Complimenti vivissimi per il traguardo raggiunto e grazie 3000 per i tuoi impagabili post!


----------



## Paulfromitaly

Complimenti per il numero di post e per non avere ancora strozzato il tuo autore..


----------



## Jana337

Auguri, Fran! E mille grazie per l'aiuto invisibile con il triangolo rosso! 

Jana


----------



## fran06

Grazie raga, mica me ne ero accorta

Baciuzzi a tutti!


----------



## MAVERIK

CONGRATULAZIONI FRAN !!!!!!!!!!!!!!!!!!!!


----------



## Eugin

* Complimenti amica mia!!!* 

(Non sto parlando l`italiano cosí tanto adesso come primo, dunque non posso scrivere tanto nella tua lingua, spero tu puoi capire, jeje!!)

I am really glad for sharing this place with persons so knowleadgable as you are!! and it´s my honour to have you as my professional coleague as well !!

Don´t stop teaching me your language because I really love it, please!!

For one thousand more with the same quality, Fran!!

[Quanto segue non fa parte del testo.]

(* Assume $g^\partial$ nondegenerate and define on $\widetilde{\mathcal F}_{PCH}=\Omega^1_{nd}(\partial M,\mathcal V^\partial)\times\mathcal A_{\iota^*P}$ the functions $\widetilde v(\omega,e)=-\phi_e^{-1}(p\,d_\omega e)\in\ker\mathsf W_e^{(1,2)}$ and $\widetilde\omega(\omega,e)=\omega+\widetilde v(\omega,e)$. Then $\widetilde\omega$ is invariant under $\omega\mapsto\omega+v$ for $v\in\ker\mathsf W_e^{(1,2)}$ (i.e. it is basic with respect to $\mathcal A_{\iota^*P}\to\mathcal A_{\iota^*P}^{red}$), $[\widetilde\omega]_e=[\omega]_e$, $p\,d_{\widetilde\omega}e=0$, and $d_{\widetilde\omega}e=0$ holds if and only if $e\wedge d_\omega e=0$.
   Context: Setting as follows. $\partial M$ is the boundary 3-manifold of a 4-manifold, $\mathcal V^\partial$ a rank-4 bundle with fibre Minkowski metric $\eta$, $\iota^*P$ the associated principal $SO(3,1)$-bundle with space of connections $\mathcal A_{\iota^*P}$; $\bigwedge^2\mathcal V^\partial\cong\mathfrak{so}(3,1)$ acts via $[\cdot,\cdot]$ (combined with wedge of forms); $d_\omega\phi=d\phi+[\omega,\phi]$. $\Omega^1_{nd}(\partial M,\mathcal V^\partial)$: 1-forms injective at each point; $g^\partial=e^*\eta$. $\mathsf W_e^{(i,j)}(X)=X\wedge e$ on $\Omega^i(\partial M,\bigwedge^j\mathcal V^\partial)$; $\mathcal W_{(i,j)}=\ker\mathsf W_e^{(i,j)}$ with chosen complements $\mathcal C_{(i,j)}$; $p$ denotes the projection onto $\mathcal W_{(2,1)}$ along $\mathcal C_{(2,1)}$. $\phi_e:=p\circ[\cdot,e]|_{\mathcal W_{(1,2)}}:\mathcal W_{(1,2)}\to\mathcal W_{(2,1)}$ (an isomorphism when $g^\partial$ is nondegenerate). $\mathcal A^{red}_{\iota^*P}=\mathcal A_{\iota^*P}/\!\sim$ with $\omega\sim\omega'$ iff $\omega-\omega'\in\ker\mathsf W^{(1,2)}_e$, and $[\omega]_e$ the class of $\omega$. *)

(* Pointwise (fibrewise) model of the bigraded algebra
   Omega^i(dM, Lambda^j V) at a point of the 3-dimensional boundary,
   with V = R^4 carrying the Minkowski metric eta = diag(-1,1,1,1). *)
From HB Require Import structures.
From mathcomp Require Import all_boot all_order all_algebra.
Set Implicit Arguments. Unset Strict Implicit. Unset Printing Implicit Defensive.
Import Order.TTheory GRing.Theory Num.Theory.
Local Open Scope ring_scope.

Notation bform R := {ffun {set 'I_3} * {set 'I_4} -> R^o}.

Section Defs.
Variable R : realFieldType.

(* An element of  (Lambda (R^3)^* ) (x) (Lambda R^4): the coefficient of
   dx^S (x) e_T, for S a subset of {0,1,2} and T a subset of {0,..,3}. *)

Definition homog (i j : nat) (f : bform R) : Prop :=
  forall S T, f (S, T) != 0 -> #|S| = i /\ #|T| = j.

(* sign of the shuffle putting A followed by B in increasing order *)
Definition sgnsh (n : nat) (A B : {set 'I_n}) : R :=
  (-1) ^+ #|[set ij : 'I_n * 'I_n | [&& ij.1 \in A, ij.2 \in B & (ij.2 < ij.1)%N]]|.

(* wedge product of V-valued forms, with the Koszul convention
   (a (x) X) /\ (b (x) Y) = (-1)^{|X||b|} (a /\ b) (x) (X /\ Y) *)
Definition wedge (f g : bform R) : bform R :=
  [ffun ST : {set 'I_3} * {set 'I_4} =>
     \sum_(A : {set 'I_3} | A \subset ST.1) \sum_(B : {set 'I_4} | B \subset ST.2)
       sgnsh A (ST.1 :\: A) * sgnsh B (ST.2 :\: B)
       * (-1) ^+ (#|B| * #|ST.1 :\: A|)
       * f (A, B) * g (ST.1 :\: A, ST.2 :\: B)].

Definition eta (j : 'I_4) : R := if j == ord0 then -1 else 1.

(* action of Lambda^2 V = so(3,1) on V:
   (e_a /\ e_b) . e_c = e_a eta(e_b,e_c) - e_b eta(e_a,e_c);
   act_coef X c d = coefficient of e_d in X . e_c for X a basis bivector *)
Definition act_coef (X : {set 'I_4}) (c d : 'I_4) : R :=
  \sum_(a : 'I_4) \sum_(b : 'I_4 | (a < b)%N && (X == [set a; b]))
     ((d == a)%:R * (b == c)%:R * eta b - (d == b)%:R * (a == c)%:R * eta a).

(* [f, g] for f a Lambda^2 V-valued bform and g a V-valued bform
   (combined with the wedge of the bform parts); result is V-valued *)
Definition brk (f g : bform R) : bform R :=
  [ffun ST : {set 'I_3} * {set 'I_4} =>
     \sum_(d : 'I_4 | ST.2 == [set d])
     \sum_(A : {set 'I_3} | A \subset ST.1)
       sgnsh A (ST.1 :\: A) *
       \sum_(X : {set 'I_4} | #|X| == 2%N) \sum_(c : 'I_4)
          f (A, X) * g (ST.1 :\: A, [set c]) * act_coef X c d].

(* covariant derivative d_omega e = d e + [omega, e]; de is the value
   of the exterior derivative of e (in the chosen trivialization) *)
Definition dcov (de omega e : bform R) : bform R := de + brk omega e.

Definition inW (i j : nat) (e X : bform R) : Prop := homog i j X /\ wedge X e = 0.

Definition emat (e : bform R) : 'M[R]_(3, 4) := \matrix_(i < 3, j < 4) e ([set i], [set j]).
Definition gmat (e : bform R) : 'M[R]_3 :=
  emat e *m diag_mx (\row_j eta j) *m (emat e)^T.

Definition same_class (e omega omega' : bform R) : Prop := inW 1 2 e (omega - omega').

End Defs.

(* The whole statement rests on two properties of the bracket [u |-> [u, e]]
   on ker W_e^(1,2).  First, it maps ker W_e^(1,2) into ker W_e^(2,1).
   Second, when g = e^* eta is nondegenerate it is injective there; the
   argument is the one proving uniqueness of the Levi-Civita connection.  Let
   B_i(x, y) = x^T eta u_i eta y, antisymmetric bilinear forms on V.  The
   Koszul formula turns [u, e] = 0 into B_i(e_j, e_k) = 0; u /\ e = 0 says that
   the Kulkarni-Nomizu product of c_il = B_i(e_l, n) with g vanishes, where n
   is the normal of the frame e, hence c = 0; and e_0, e_1, e_2, n is a basis
   of V.  Together with the projection p being linear and the identity on
   W_(2,1), this makes phi_e = p o [., e] injective, so
   vt (w + v) = vt w - v; the remaining claims then follow since
   e /\ Y = Y /\ e for Y in Omega^2(V). *)

From Pilot Require Import Defs.
From HB Require Import structures.
From mathcomp Require Import all_boot all_order all_algebra.
From mathcomp Require Import ring.
From Stdlib Require PeanoNat.
Set Implicit Arguments. Unset Strict Implicit. Unset Printing Implicit Defensive.
Import Order.TTheory GRing.Theory Num.Theory.
Local Open Scope ring_scope.

(** * Bit-mask coordinates *)

(* Index sets are also written as bit masks [bset3 K], [bset4 L]: on concrete
   masks every set operation reduces by [simpl], which is what lets [ring]
   check the coordinate identities below. *)
Definition bset3 (k : nat) : {set 'I_3} := [set i : 'I_3 | Nat.testbit k i].
Definition bset4 (k : nat) : {set 'I_4} := [set i : 'I_4 | Nat.testbit k i].

Definition i3_0 := @Ordinal 3 0 isT.
Definition i3_1 := @Ordinal 3 1 isT.
Definition i3_2 := @Ordinal 3 2 isT.
Definition i4_0 := @Ordinal 4 0 isT.
Definition i4_1 := @Ordinal 4 1 isT.
Definition i4_2 := @Ordinal 4 2 isT.
Definition i4_3 := @Ordinal 4 3 isT.

Definition bits3f (P : nat -> bool) : nat :=
  Nat.add (Nat.add (if P 0%N then 1%N else 0%N) (if P 1%N then 2%N else 0%N))
    (if P 2%N then 4%N else 0%N).
Definition bits4f (P : nat -> bool) : nat :=
  Nat.add (Nat.add (Nat.add (if P 0%N then 1%N else 0%N) (if P 1%N then 2%N else 0%N))
    (if P 2%N then 4%N else 0%N)) (if P 3%N then 8%N else 0%N).
Definition count3 (P : nat -> bool) : nat :=
  Nat.add (Nat.add (nat_of_bool (P 0%N)) (nat_of_bool (P 1%N))) (nat_of_bool (P 2%N)).
Definition count4 (P : nat -> bool) : nat :=
  Nat.add (Nat.add (Nat.add (nat_of_bool (P 0%N)) (nat_of_bool (P 1%N)))
    (nat_of_bool (P 2%N))) (nat_of_bool (P 3%N)).

Definition bits3 (X : {set 'I_3}) : nat :=
  Nat.add (Nat.add (if i3_0 \in X then 1 else 0) (if i3_1 \in X then 2 else 0))
    (if i3_2 \in X then 4 else 0).
Definition bits4 (X : {set 'I_4}) : nat :=
  Nat.add (Nat.add (Nat.add (if i4_0 \in X then 1 else 0) (if i4_1 \in X then 2 else 0))
    (if i4_2 \in X then 4 else 0)) (if i4_3 \in X then 8 else 0).

Lemma bits3K X : bset3 (bits3 X) = X.
Proof.
apply/setP => -[[|[|[|//]]] Hi]; rewrite inE /bits3;
[have -> : Ordinal Hi = i3_0 by apply/val_inj
|have -> : Ordinal Hi = i3_1 by apply/val_inj
|have -> : Ordinal Hi = i3_2 by apply/val_inj];
by case: (i3_0 \in X); case: (i3_1 \in X); case: (i3_2 \in X).
Qed.

Lemma bits4K X : bset4 (bits4 X) = X.
Proof.
apply/setP => -[[|[|[|[|//]]]] Hi]; rewrite inE /bits4;
[have -> : Ordinal Hi = i4_0 by apply/val_inj
|have -> : Ordinal Hi = i4_1 by apply/val_inj
|have -> : Ordinal Hi = i4_2 by apply/val_inj
|have -> : Ordinal Hi = i4_3 by apply/val_inj];
by case: (i4_0 \in X); case: (i4_1 \in X); case: (i4_2 \in X); case: (i4_3 \in X).
Qed.

Lemma bits3_lt8 S : (bits3 S < 8)%N.
Proof. by rewrite /bits3; case: (_ \in S); case: (_ \in S); case: (_ \in S). Qed.
Lemma bits4_lt16 T : (bits4 T < 16)%N.
Proof. by rewrite /bits4; case: (_ \in T); case: (_ \in T); case: (_ \in T); case: (_ \in T). Qed.

Lemma eq_ord_eqb n (x y : 'I_n) : (x == y) = Nat.eqb x y.
Proof. by apply/eqP/PeanoNat.Nat.eqb_spec => [->//|E]; apply/val_inj. Qed.
Lemma ltn_ltb (x y : nat) : (x < y)%N = Nat.ltb x y.
Proof.
by apply/idP/idP => [/ssrnat.ltP/PeanoNat.Nat.ltb_lt|/PeanoNat.Nat.ltb_lt/ssrnat.ltP].
Qed.

Lemma bits3E (X : {set 'I_3}) (P : nat -> bool) :
  (forall z : 'I_3, (z \in X) = P z) -> bits3 X = bits3f P.
Proof. by move=> H; rewrite /bits3 /bits3f !H. Qed.
Lemma bits4E (X : {set 'I_4}) (P : nat -> bool) :
  (forall z : 'I_4, (z \in X) = P z) -> bits4 X = bits4f P.
Proof. by move=> H; rewrite /bits4 /bits4f !H. Qed.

Un abbracio per la mia amica!!!


----------



## danalto

Evvai! Complimentoni, amichetta! 
E grazie di tutto il tuo aiuto!


----------



## Necsus

*   CONGRATSFRAN !!!   *​


----------



## fran06

Grazie grazie grazie!!!!!
Senza parole


----------



## ElaineG

Eeeek.  Sono in ritardo!  Comunque, congratulazioni Fran e continua cos`i!


----------



## TimeHP

Che dire? Sei un turbo... 
Congratulazioni.


----------



## Saoul

Sharon (l'otaria), Brad, Sue Ellen, Rocco, and the other 7 kids are all saying they are proud of you. The can't wait to see you again. They will be there in no time.  
Brava Fran. Congratulazioni.


----------



## fran06

E di nuovo grazie boys and girls!

Ho imparato veramente tanto tanto da tutti voi!
Buona giornata a tutti!!


----------



## lsp

Where was this thread hiding? I'm glad I didn't miss it entirely...
Great having you here, Fran!


----------



## Frenko

AUGURI FRAN! ​


----------



## TimLA

Francesca...ciao...

Una lezione di matematica...

Una media di 7.8 lettere per parola italiana.
An average of 6.2 letters per English word.
Una media di 78 parole intaliane per FranPost.
An average of 54 English words per FranPost.

&#*!)&^$&@^#&^<<<<FRANx1>>>><CARPACCIOx10>>>#   (il computer calcolando)

Quindi - 2,827,200 lettere totale = artrite digitale precoce  

Congratulazioni amica mia e grazie per tutto
Ciao


----------



## _forumuser_

A volte vorrei strozzare il tuo autore come dice Paul, a volte vorrei strozzare te perche' ci lavori. Ma chissa' perche' continuo a parlare con te? Dev'esserci qualcosa di buono dietro tutte quelle frasi contorte! 

_forumuser_BB


----------



## Akire72

*Wow!!! COMPLIMENTISSIMI!!!!*


----------



## TrentinaNE

Fran, you come up on each milestone _troppo velocemente _for me to keep up.    Thank you for bringing such intriguing (  ) translation challenges to our attention.  

Complimenti!

Elisabetta


----------